One further potential main error source is related to the handling and storage of the documents themselves. All hardcopy sources whether maps or aerial photographs are subject to distortions, through the production and storage process including paper shrinkage and stretching. In particular, this affects the accuracy of planimetric features and needs to be recognized as a potential source of error. Procedures are available for identifying and estimating errors in cartographic sources and are described by amongst others (Maling 1989; Thieler and Danforth 1994 and Jenny 2006). The three main sources of error whilst not ruling out the use of cartographic evidence for saltmarsh change analysis should be understood, incorporated and recognised in any study of saltmarsh change. Many of these errors can be estimated or measured and included in any study. However, with coastal features it is also important to understand the reasons behind the survey to prevent misinterpretation of the reliability of a particular source.
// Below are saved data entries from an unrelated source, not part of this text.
Lemma Supp_transfer_flow a b n F c : a != b ->
  Supp (transfer_flow a b n F) c = Supp F c.
Proof.
move=> ab; have split_ab (g : {set C} -> R) : \big[Rplus/R0]_y g y =
    g a + g b + \big[Rplus/R0]_(y | (y != a) && (y != b)) g y.
  by rewrite (bigD1 a) // (bigD1 b) 1?eq_sym //= Rplus_assoc.
rewrite /Supp !split_ab /transfer_flow eqxx eq_sym (negbTE ab) eqxx.
have -> : forall x y z : R, x * (1 - y) + (z + x * y) = x + z by move=> *; ring.
by congr (_ + _); apply: eq_bigr => y /andP[/negbTE-> /negbTE->].
Qed.

Section Transfer.
Variables (s s' : election C) (X a b : {set C}).
Hypotheses (ab : a != b) (Xa : X :&: a != set0) (Xab : X :&: a \subset b).
Hypotheses (s'_a : ballots s a = (ballots s' a).+1)
  (s'_b : ballots s' b = (ballots s b).+1)
  (s'_other : forall y, y != a -> y != b -> ballots s' y = ballots s y).

Lemma transfer_flow_family F : in_family s X F ->
  in_family s' X (transfer_flow a b (ballots s a) F).
Proof.
move=> famF; have [F_ge0 [F_out F_sum]] := famF.
have n_ge1 : 1 <= INR (ballots s a).
  by rewrite s'_a S_INR; have := pos_INR (ballots s' a); lra.
have inv_le1 : / INR (ballots s a) <= 1 by rewrite -Rinv_1; apply: Rinv_le_contravar; lra.
have inv_ge0 : 0 <= / INR (ballots s a) by apply/Rlt_le/Rinv_0_lt_compat; lra.
have Fa_out c : c \in X -> c \notin b -> F a c = 0.
  move=> Xc nbc; apply: F_out => //; apply: contra nbc => ac.
  by apply: (subsetP Xab); rewrite inE Xc.
have Fa_sum : \big[Rplus/R0]_(c in X :&: b) F a c = INR (ballots s a).
  rewrite -(F_sum _ Xa) (family_sum a famF) [RHS](bigID (mem b)) /=.
  rewrite [E in _ = _ + E]big1 => [|c /andP[/Fa_out]//].
  by rewrite Rplus_0_r; apply: eq_bigl => c; rewrite inE.
split; [|split]; rewrite /transfer_flow.
- move=> y c Xc; have := F_ge0 y c Xc; have Fa := F_ge0 a c Xc; have Fb := F_ge0 b c Xc.
  case: eqP => _ ?; first by apply: Rmult_le_pos; lra.
  by case: eqP => _; [have := Rmult_le_pos _ _ Fa inv_ge0; lra | lra].
- move=> y c Xc nyc; case: eqP => [ya|_]; first by subst y; rewrite F_out // Rmult_0_l.
  case: eqP => [yb|_]; last exact: F_out.
  by subst y; rewrite F_out ?Fa_out // Rmult_0_l Rplus_0_l.
- move=> y Xy; case: eqP => [->|/eqP ya].
    by rewrite Rsum_mulr F_sum // s'_a S_INR; field; rewrite -S_INR -s'_a; lra.
  case: eqP => [yb|/eqP yb]; last by rewrite F_sum // s'_other.
  by subst y; rewrite big_split /= Rsum_mulr F_sum // Fa_sum s'_b S_INR Rinv_r; lra.
Qed.

Lemma maxMin_le_transfer : maxMin s X <= maxMin s' X.
Proof.
have X0 : X != set0 by apply: contraNneq Xa => ->; rewrite set0I.
apply: maxMin_le_dominated => // F famF.
exists (transfer_flow a b (ballots s a) F); first exact: transfer_flow_family.
by move=> c _; rewrite Supp_transfer_flow //; lra.
Qed.

End Transfer.

Lemma maxMin_le_move s s' X a b : X != set0 -> a != b -> X :&: a \subset b ->
  ballots s a = (ballots s' a).+1 -> ballots s' b = (ballots s b).+1 ->
  (forall y, y != a -> y != b -> ballots s' y = ballots s y) ->
  maxMin s X <= maxMin s' X.
Proof.
move=> X0 ab Xab s'_a s'_b s'_other.
have [Xa|/negPn/eqP Xa0] := boolP (X :&: a != set0).
  exact: (maxMin_le_transfer ab Xa Xab s'_a s'_b s'_other).
apply: maxMin_le_ballots => // y Xy.
have ya : y != a by apply: contraNneq Xy => ->; rewrite Xa0.
by have [->|yb] := eqVneq y b; [rewrite s'_b | rewrite s'_other].
Qed.

End Flows.

Lemma RlebP x y : reflect (x <= y) (Rleb x y).
Proof. by rewrite /Rleb; case: Rle_dec => ?; constructor. Qed.

Lemma ReqbP x y : reflect (x = y) (Reqb x y).
Proof. by rewrite /Reqb; case: Req_EM_T => ?; constructor. Qed.

Section ODHRun.
Variables (C : finType) (prio : C -> nat).
Hypothesis prio_inj : injective prio.
Implicit Types (s : election C) (Ce : {set C}).

Definition odh_winner s Ce w : Prop :=
  w \notin Ce /\ forall c, c \notin Ce ->
    odh_score s Ce c <= odh_score s Ce w /\
    (odh_score s Ce c = odh_score s Ce w -> (prio w <= prio c)%N).

Lemma odh_stepP s Ce : Ce != setT ->
  exists2 w, odh_step prio s Ce = w |: Ce & odh_winner s Ce w.
Proof.
move=> CeT; rewrite /odh_step; case: pickP => [w /andP[nCew /forallP w_best]|no_winner].
  exists w => //; split=> // c nCec.
  by move: (w_best c); rewrite nCec => /andP[/RlebP le_cw /implyP eq_cw]; split=> // /ReqbP.
have [|w] := exists_argmax (odh_score s Ce) prio (X := ~: Ce).
  by apply: contraNneq CeT => CeC0; rewrite -[Ce]setCK CeC0 setC0.
rewrite inE => nCew w_best; case/negP: (negbT (no_winner w)); rewrite nCew /=.
apply/forallP => c; apply/implyP => nCec.
have /w_best[le_cw eq_cw] : c \in ~: Ce by rewrite inE.
by apply/andP; split; [apply/RlebP | apply/implyP => /ReqbP].
Qed.

Lemma odh_step_setT s : odh_step prio s setT = setT.
Proof. by rewrite /odh_step; case: pickP => [w /andP[]|//]; rewrite inE. Qed.

Lemma odh_step_sup s Ce : Ce \subset odh_step prio s Ce.
Proof. by rewrite /odh_step; case: pickP => [w _|_]; [apply: subsetUr | apply: subxx]. Qed.

(* [w] scores at least as well under [s'] as under [s], while [w'] scores the
   same: so [w] and [w'] tie in both elections and the priority decides. *)
Lemma odh_winner_eq s s' Ce w w' : odh_winner s Ce w -> odh_winner s' Ce w' ->
  odh_score s' Ce w' = odh_score s Ce w' -> odh_score s Ce w <= odh_score s' Ce w ->
  w = w'.
Proof.
move=> [nCew w_best] [nCew' w'_best] eq_w' le_w.
have [le_w'w prio_ww'] := w_best w' nCew'.
have [le_ww' prio_w'w] := w'_best w nCew.
by apply: prio_inj; apply/eqP; rewrite eqn_leq prio_ww' ?prio_w'w //; lra.
Qed.

Lemma iter_odh_step_eq s s' G :
  (forall X, X != set0 -> X :&: G = set0 -> maxMin s' X = maxMin s X) ->
  (forall X, X != set0 -> maxMin s X <= maxMin s' X) ->
  forall n, G :&: iter n (odh_step prio s') set0 = set0 ->
    iter n (odh_step prio s') set0 = iter n (odh_step prio s) set0.
Proof.
move=> eq_offG le_ss'; elim=> [//|n IH]; rewrite !iterS => G_out.
have /IH IHn : G :&: iter n (odh_step prio s') set0 = set0.
  apply/eqP; rewrite -subset0; apply: subset_trans (setIS G (odh_step_sup s' _)) _.
  by rewrite G_out.
rewrite IHn in G_out *; set Ce := iter n (odh_step prio s) set0 in G_out *.
have [->|CeT] := eqVneq Ce setT; first by rewrite !odh_step_setT.
have [w' Ce_w' win'] := odh_stepP s' CeT; have [w Ce_w win] := odh_stepP s CeT.
rewrite Ce_w' Ce_w in G_out *; congr (_ |: Ce); apply: esym.
have nonempty x : x |: Ce != set0 by apply/set0Pn; exists x; apply: setU11.
by apply: (odh_winner_eq win win'); [apply: eq_offG; rewrite // setIC | apply: le_ss'].
Qed.

Lemma ODH_meets s s' G : seats s' = seats s -> G != set0 -> G \subset ODH prio s ->
  (forall X, X != set0 -> X :&: G = set0 -> maxMin s' X = maxMin s X) ->
  (forall X, X != set0 -> maxMin s X <= maxMin s' X) ->
  G :&: ODH prio s' != set0.
Proof.
move=> seats_eq G0 G_sub eq_offG le_ss'; apply: contraNneq G0 => G_out.
have := iter_odh_step_eq eq_offG le_ss' G_out.
rewrite /ODH seats_eq -/(ODH prio s) => ODH_eq.
by rewrite -G_out /ODH seats_eq ODH_eq (setIidPl G_sub).
Qed.

End ODHRun.

Section BallotChanges.
Variables (C : finType) (s : election C) (G : {set C}).
Implicit Types (X : {set C}).

Lemma maxMin_add_ballot_ge X : X != set0 -> maxMin s X <= maxMin (add_ballot s G) X.
Proof.
move=> X0; apply: maxMin_le_ballots => // y _ /=.
by case: eqP => [->|//]; rewrite addn1.
Qed.

Lemma maxMin_add_ballot_eq X : X != set0 -> X :&: G = set0 ->
  maxMin (add_ballot s G) X = maxMin s X.
Proof.
move=> X0 XG; apply: Rle_antisym; last exact: maxMin_add_ballot_ge.
apply: maxMin_le_ballots => // y Xy /=.
by case: eqP => // yG; move: Xy; rewrite yG XG eqxx.
Qed.

Variable A : {set C}.
Hypotheses (G0 : G != set0) (GA : G :&: A = set0) (A1 : (1 <= ballots s A)%N).

Let A_neq_AG : A != A :|: G.
Proof.
apply: contraNneq G0 => AG; apply/eqP; rewrite -GA; apply/esym/setIidPl.
by rewrite AG subsetUr.
Qed.

Lemma maxMin_move_ballot_ge X : X != set0 ->
  maxMin s X <= maxMin (move_ballot s A G) X.
Proof.
move=> X0; apply: (maxMin_le_move (a := A) (b := A :|: G)) => //=.
- by rewrite subIset // subsetUl orbT.
- by rewrite eqxx subn1 prednK.
- by rewrite eq_sym (negbTE A_neq_AG) eqxx addn1.
- by move=> y /negbTE-> /negbTE->.
Qed.

Lemma maxMin_move_ballot_eq X : X != set0 -> X :&: G = set0 ->
  maxMin (move_ballot s A G) X = maxMin s X.
Proof.
move=> X0 XG; apply: Rle_antisym; last exact: maxMin_move_ballot_ge.
apply: (maxMin_le_move (a := A :|: G) (b := A)) => //=.
- by rewrite eq_sym.
- by rewrite setIUr XG setU0 subsetIr.
- by rewrite eq_sym (negbTE A_neq_AG) eqxx addn1.
- by rewrite eqxx subn1 prednK.
- by move=> y /negbTE yAG /negbTE yA; rewrite yA yAG.
Qed.

End BallotChanges.

Theorem theorem6 (C : finType) (prio : C -> nat) (prio_inj : injective prio)
  (s : election C) (Hwf : wf_election s)
  (G : {set C}) (HG0 : G != set0) (HGsub : G \subset ODH prio s) :
  (forall A : {set C}, G :&: A = set0 -> (1 <= ballots s A)%N ->
     G :&: ODH prio (move_ballot s A G) != set0)
  /\
  G :&: ODH prio (add_ballot s G) != set0.
Proof.
split=> [A GA A1|]; apply: (ODH_meets prio_inj _ HG0 HGsub) => // X X0.
- exact: maxMin_move_ballot_eq.
- exact: maxMin_move_ballot_ge.
- exact: maxMin_add_ballot_eq.
- exact: maxMin_add_ballot_ge.
Qed.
Mapping saltmarsh and the inter-tidal zone

Before the advent of aerial photography and photogrammetric mapping the collection of survey data in the inter-tidal area presented a great challenge to the Ordnance Survey and other mapping bodies. Previous research on tidal line mapping within the coastal zone has shown how these features were often surveyed but at other sketched on the maps (Baily and Collier 2010). An evolving process of the formalisation of Ordnance Survey coastal mapping policy began in the 1840s and was finally completed in 1868. The Ordnance Survey Act 1841, paragraph 1 required Justices of the Peace to appoint meresmen to assist the Master General and Board of Ordnance in Examining, ascertaining and marking out the reputed boundaries of each County, City, Borough, Town, Parish (House of Commons 1841). Before 1868, the measurement of these boundaries did not include the extra parochial places including the foreshore and areas of saltmarsh, which were not included in any parish. However, in 1868 came the passing of the Poor Law Amendment Act and all the remaining extra parochial places were included for civil parochial purposes in the next adjoining parish as the parish boundary was now extended to the low water line. The Poor Law Amendment and a judgement by the Lord Chancellor (Lord Cranworth), who in 1854 legally recognised the high and low water mark of an ordinary or average tide as the boundary of the foreshore, altered the approach of the Ordnance Survey mapping of the intertidal area, as it now became necessary for the Ordnance Survey to include areas of the foreshore within the rating area. In the survey of 1878, the Ordnance Survey carried parish boundaries to the low water mark of ordinary tides, as this line now represented the seaward extent of the city, parish and town etc. This theoretically now included areas of saltmarsh above the low water line.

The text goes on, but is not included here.